_Aim of the exercise_: Would you retype the whole listing exactly?

══ Supplied data ══

Lemma Phi_top t : (0 < #|X|)%N -> net_bound <= t -> Phi N t = [set setT].
Proof.
move=> X_gt0 le_bt; have cT : clique_at N t setT.
  apply: cliqueP; first by rewrite -card_gt0 cardsT.
  by move=> x y _ _; apply: le_trans (ler_norm _) (le_trans (net_bound_ge x y) le_bt).
apply/setP => K; rewrite !inE; apply/idP/eqP => [maxK|->].
  by apply/esym; apply: max_clique_eq maxK cT (subsetT K).
apply/andP; split => //; apply/forallP => L; apply/implyP => /andP[_ TL].
by rewrite eqEsubset TL subsetT.
Qed.

Lemma Phi_bot t : t <= - net_bound - 1 -> Phi N t = set0.
Proof.
move=> le_tb; apply/setP => K; rewrite !inE; apply/negbTE/negP => /andP[cK _].
have /set0Pn[x xK] : K != set0 by case/and3P: cK.
have := clique_pair cK xK xK; have := net_bound_ge x x.
have : - `|N x x| <= N x x by rewrite lerNl -normrN ler_norm.
lra.
Qed.

(* Phi N is a cliquegram; its breakpoints are the values of N. *)
Lemma Phi_cliquegram : (0 < #|X|)%N -> is_cliquegram (Phi N).
Proof.
move=> X_gt0; split.
- exact: Phi_cliqueset.
- exact: Phi_mono.
- by exists net_bound, (- net_bound - 1) => t; split; [exact: Phi_top | exact: Phi_bot].
- pose vals := [seq N p.1 p.2 | p <- enum [set: X * X]].
  exists (sort <=%R (undup vals)); split; first by rewrite sort_lt_sorted undup_uniq.
  move=> t t' same; apply: Phi_sublevel_eq => x y; apply: same.
  by rewrite mem_sort mem_undup; apply: (map_f _ (x := (x, y))); rewrite mem_enum inE.
Qed.

End PhiCliquegram.

Lemma Phi_order_iso (R : realType) (X : finType) (N N' : X -> X -> R) :
  is_network N ->
  ((forall x x', N' x x' <= N x x') <-> (forall t, cliq_le (Phi N t) (Phi N' t))).
Proof.
move=> netN; split=> [leN t A|lePhi x y].
  rewrite inE => /andP[cA _]; have cA' : clique_at N' t A.
    apply: cliqueP; first by case/and3P: cA.
    by move=> x y xA yA; apply: le_trans (leN x y) (clique_pair cA xA yA).
  by have [L maxL AL] := clique_extends cA'; exists L; rewrite ?inE.
have /clique_extends[L maxL xyL] : clique_at N (N x y) [set x; y] by rewrite pair_clique.
have /lePhi[B] : L \in Phi N (N x y) by rewrite inE.
rewrite inE => /andP[cB _] LB; apply: clique_pair cB _ _;
by rewrite (subsetP LB) // (subsetP xyL) // !inE eqxx ?orbT.
Qed.

Lemma gap_right (R : realDomainType) (s : seq R) (m : R) :
  exists2 b, m < b & forall a, a \in s -> m < a -> b <= a.
Proof.
elim: s => [|a s [b lt_mb gap_b]]; first by exists (m + 1) => //; rewrite ltrDl.
have [lt_ma|le_am] := ltP m a.
  exists (Num.min a b) => [|c]; first by rewrite lt_min lt_ma.
  by rewrite inE => /orP[/eqP->|cs] lt_mc; rewrite ge_min ?lexx // gap_b ?orbT.
by exists b => // c; rewrite inE => /orP[/eqP->|/gap_b//]; rewrite ltNge le_am.
Qed.

Lemma step_right_constant (R : realDomainType) (T : Type) (f : R -> T) (s : seq R) :
  (forall t t', (forall a, a \in s -> (a <= t) = (a <= t')) -> f t = f t') ->
  forall m, exists2 b, m < b & forall t, m <= t -> t < b -> f t = f m.
Proof.
move=> stepf m; have [b lt_mb gap_b] := gap_right s m.
exists b => // t le_mt lt_tb; apply: stepf => a sa.
apply/idP/idP => [le_at|le_am]; last exact: le_trans le_mt.
rewrite leNgt; apply/negP => lt_ma.
by move: (lt_le_trans lt_tb (gap_b a sa lt_ma)); rewrite ltNge le_at.
Qed.

Section PsiNetwork.
Variables (R : realType) (X : finType) (C : R -> {set {set X}}).
Implicit Types (K L : {set X}) (t u : R) (x y : X).
Hypothesis gramC : is_cliquegram C.

Let T x y := together_times C x y.

Lemma together_up x y t u : T x y t -> t <= u -> T x y u.
Proof.
case: gramC => _ monoC _ _ [A AC /andP[xA yA]] le_tu.
have [B BC AB] := monoC t u le_tu A AC.
by exists B => //; rewrite !(subsetP AB).
Qed.

Lemma together_top : exists t0, forall x y t, t0 <= t -> T x y t.
Proof.
case: gramC => _ _ [t0 [t1 boundsC]] _; exists t0 => x y t le_t0t.
by exists setT; [rewrite (proj1 (boundsC t) le_t0t) inE | rewrite !inE].
Qed.

Lemma together_bot : exists t1, forall x y t, T x y t -> t1 < t.
Proof.
case: gramC => _ _ [t0 [t1 boundsC]] _; exists t1 => x y t [A AC _].
by rewrite ltNge; apply/negP => le_tt1; move: AC; rewrite (proj2 (boundsC t) le_tt1) inE.
Qed.

Lemma Psi_le x y t : T x y t -> Psi C x y <= t.
Proof.
have [t1 gt_t1] := together_bot => Txy; apply: ge_inf Txy.
by exists t1 => u Tu; apply/ltW/(gt_t1 x y).
Qed.

(* The infimum is a minimum, because C is constant just after Psi C x y. *)
Lemma Psi_together x y : T x y (Psi C x y).
Proof.
set m := Psi C x y.
have [_ _ _ [s [_ stepC]]] := gramC.
have [b lt_mb constC] := step_right_constant stepC m.
have [t0 top] := together_top.
have Txy_ne : exists u, T x y u by exists t0; apply: top.
have [t Tt lt_tb] := inf_lt Txy_ne lt_mb.
have [A AC xyA] := Tt; exists A => //.
by rewrite -(constC t) // Psi_le.
Qed.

═══

_Answer space_:
Lemma Phi_top t : (0 < #|X|)%N -> net_bound <= t -> Phi N t = [set setT].
Proof.
move=> X_gt0 le_bt; have cT : clique_at N t setT.
  apply: cliqueP; first by rewrite -card_gt0 cardsT.
  by move=> x y _ _; apply: le_trans (ler_norm _) (le_trans (net_bound_ge x y) le_bt).
apply/setP => K; rewrite !inE; apply/idP/eqP => [maxK|->].
  by apply/esym; apply: max_clique_eq maxK cT (subsetT K).
apply/andP; split => //; apply/forallP => L; apply/implyP => /andP[_ TL].
by rewrite eqEsubset TL subsetT.
Qed.

Lemma Phi_bot t : t <= - net_bound - 1 -> Phi N t = set0.
Proof.
move=> le_tb; apply/setP => K; rewrite !inE; apply/negbTE/negP => /andP[cK _].
have /set0Pn[x xK] : K != set0 by case/and3P: cK.
have := clique_pair cK xK xK; have := net_bound_ge x x.
have : - `|N x x| <= N x x by rewrite lerNl -normrN ler_norm.
lra.
Qed.

(* Phi N is a cliquegram; its breakpoints are the values of N. *)
Lemma Phi_cliquegram : (0 < #|X|)%N -> is_cliquegram (Phi N).
Proof.
move=> X_gt0; split.
- exact: Phi_cliqueset.
- exact: Phi_mono.
- by exists net_bound, (- net_bound - 1) => t; split; [exact: Phi_top | exact: Phi_bot].
- pose vals := [seq N p.1 p.2 | p <- enum [set: X * X]].
  exists (sort <=%R (undup vals)); split; first by rewrite sort_lt_sorted undup_uniq.
  move=> t t' same; apply: Phi_sublevel_eq => x y; apply: same.
  by rewrite mem_sort mem_undup; apply: (map_f _ (x := (x, y))); rewrite mem_enum inE.
Qed.

End PhiCliquegram.

Lemma Phi_order_iso (R : realType) (X : finType) (N N' : X -> X -> R) :
  is_network N ->
  ((forall x x', N' x x' <= N x x') <-> (forall t, cliq_le (Phi N t) (Phi N' t))).
Proof.
move=> netN; split=> [leN t A|lePhi x y].
  rewrite inE => /andP[cA _]; have cA' : clique_at N' t A.
    apply: cliqueP; first by case/and3P: cA.
    by move=> x y xA yA; apply: le_trans (leN x y) (clique_pair cA xA yA).
  by have [L maxL AL] := clique_extends cA'; exists L; rewrite ?inE.
have /clique_extends[L maxL xyL] : clique_at N (N x y) [set x; y] by rewrite pair_clique.
have /lePhi[B] : L \in Phi N (N x y) by rewrite inE.
rewrite inE => /andP[cB _] LB; apply: clique_pair cB _ _;
by rewrite (subsetP LB) // (subsetP xyL) // !inE eqxx ?orbT.
Qed.

Lemma gap_right (R : realDomainType) (s : seq R) (m : R) :
  exists2 b, m < b & forall a, a \in s -> m < a -> b <= a.
Proof.
elim: s => [|a s [b lt_mb gap_b]]; first by exists (m + 1) => //; rewrite ltrDl.
have [lt_ma|le_am] := ltP m a.
  exists (Num.min a b) => [|c]; first by rewrite lt_min lt_ma.
  by rewrite inE => /orP[/eqP->|cs] lt_mc; rewrite ge_min ?lexx // gap_b ?orbT.
by exists b => // c; rewrite inE => /orP[/eqP->|/gap_b//]; rewrite ltNge le_am.
Qed.

Lemma step_right_constant (R : realDomainType) (T : Type) (f : R -> T) (s : seq R) :
  (forall t t', (forall a, a \in s -> (a <= t) = (a <= t')) -> f t = f t') ->
  forall m, exists2 b, m < b & forall t, m <= t -> t < b -> f t = f m.
Proof.
move=> stepf m; have [b lt_mb gap_b] := gap_right s m.
exists b => // t le_mt lt_tb; apply: stepf => a sa.
apply/idP/idP => [le_at|le_am]; last exact: le_trans le_mt.
rewrite leNgt; apply/negP => lt_ma.
by move: (lt_le_trans lt_tb (gap_b a sa lt_ma)); rewrite ltNge le_at.
Qed.

Section PsiNetwork.
Variables (R : realType) (X : finType) (C : R -> {set {set X}}).
Implicit Types (K L : {set X}) (t u : R) (x y : X).
Hypothesis gramC : is_cliquegram C.

Let T x y := together_times C x y.

Lemma together_up x y t u : T x y t -> t <= u -> T x y u.
Proof.
case: gramC => _ monoC _ _ [A AC /andP[xA yA]] le_tu.
have [B BC AB] := monoC t u le_tu A AC.
by exists B => //; rewrite !(subsetP AB).
Qed.

Lemma together_top : exists t0, forall x y t, t0 <= t -> T x y t.
Proof.
case: gramC => _ _ [t0 [t1 boundsC]] _; exists t0 => x y t le_t0t.
by exists setT; [rewrite (proj1 (boundsC t) le_t0t) inE | rewrite !inE].
Qed.

Lemma together_bot : exists t1, forall x y t, T x y t -> t1 < t.
Proof.
case: gramC => _ _ [t0 [t1 boundsC]] _; exists t1 => x y t [A AC _].
by rewrite ltNge; apply/negP => le_tt1; move: AC; rewrite (proj2 (boundsC t) le_tt1) inE.
Qed.

Lemma Psi_le x y t : T x y t -> Psi C x y <= t.
Proof.
have [t1 gt_t1] := together_bot => Txy; apply: ge_inf Txy.
by exists t1 => u Tu; apply/ltW/(gt_t1 x y).
Qed.

(* The infimum is a minimum, because C is constant just after Psi C x y. *)
Lemma Psi_together x y : T x y (Psi C x y).
Proof.
set m := Psi C x y.
have [_ _ _ [s [_ stepC]]] := gramC.
have [b lt_mb constC] := step_right_constant stepC m.
have [t0 top] := together_top.
have Txy_ne : exists u, T x y u by exists t0; apply: top.
have [t Tt lt_tb] := inf_lt Txy_ne lt_mb.
have [A AC xyA] := Tt; exists A => //.
by rewrite -(constC t) // Psi_le.
Qed.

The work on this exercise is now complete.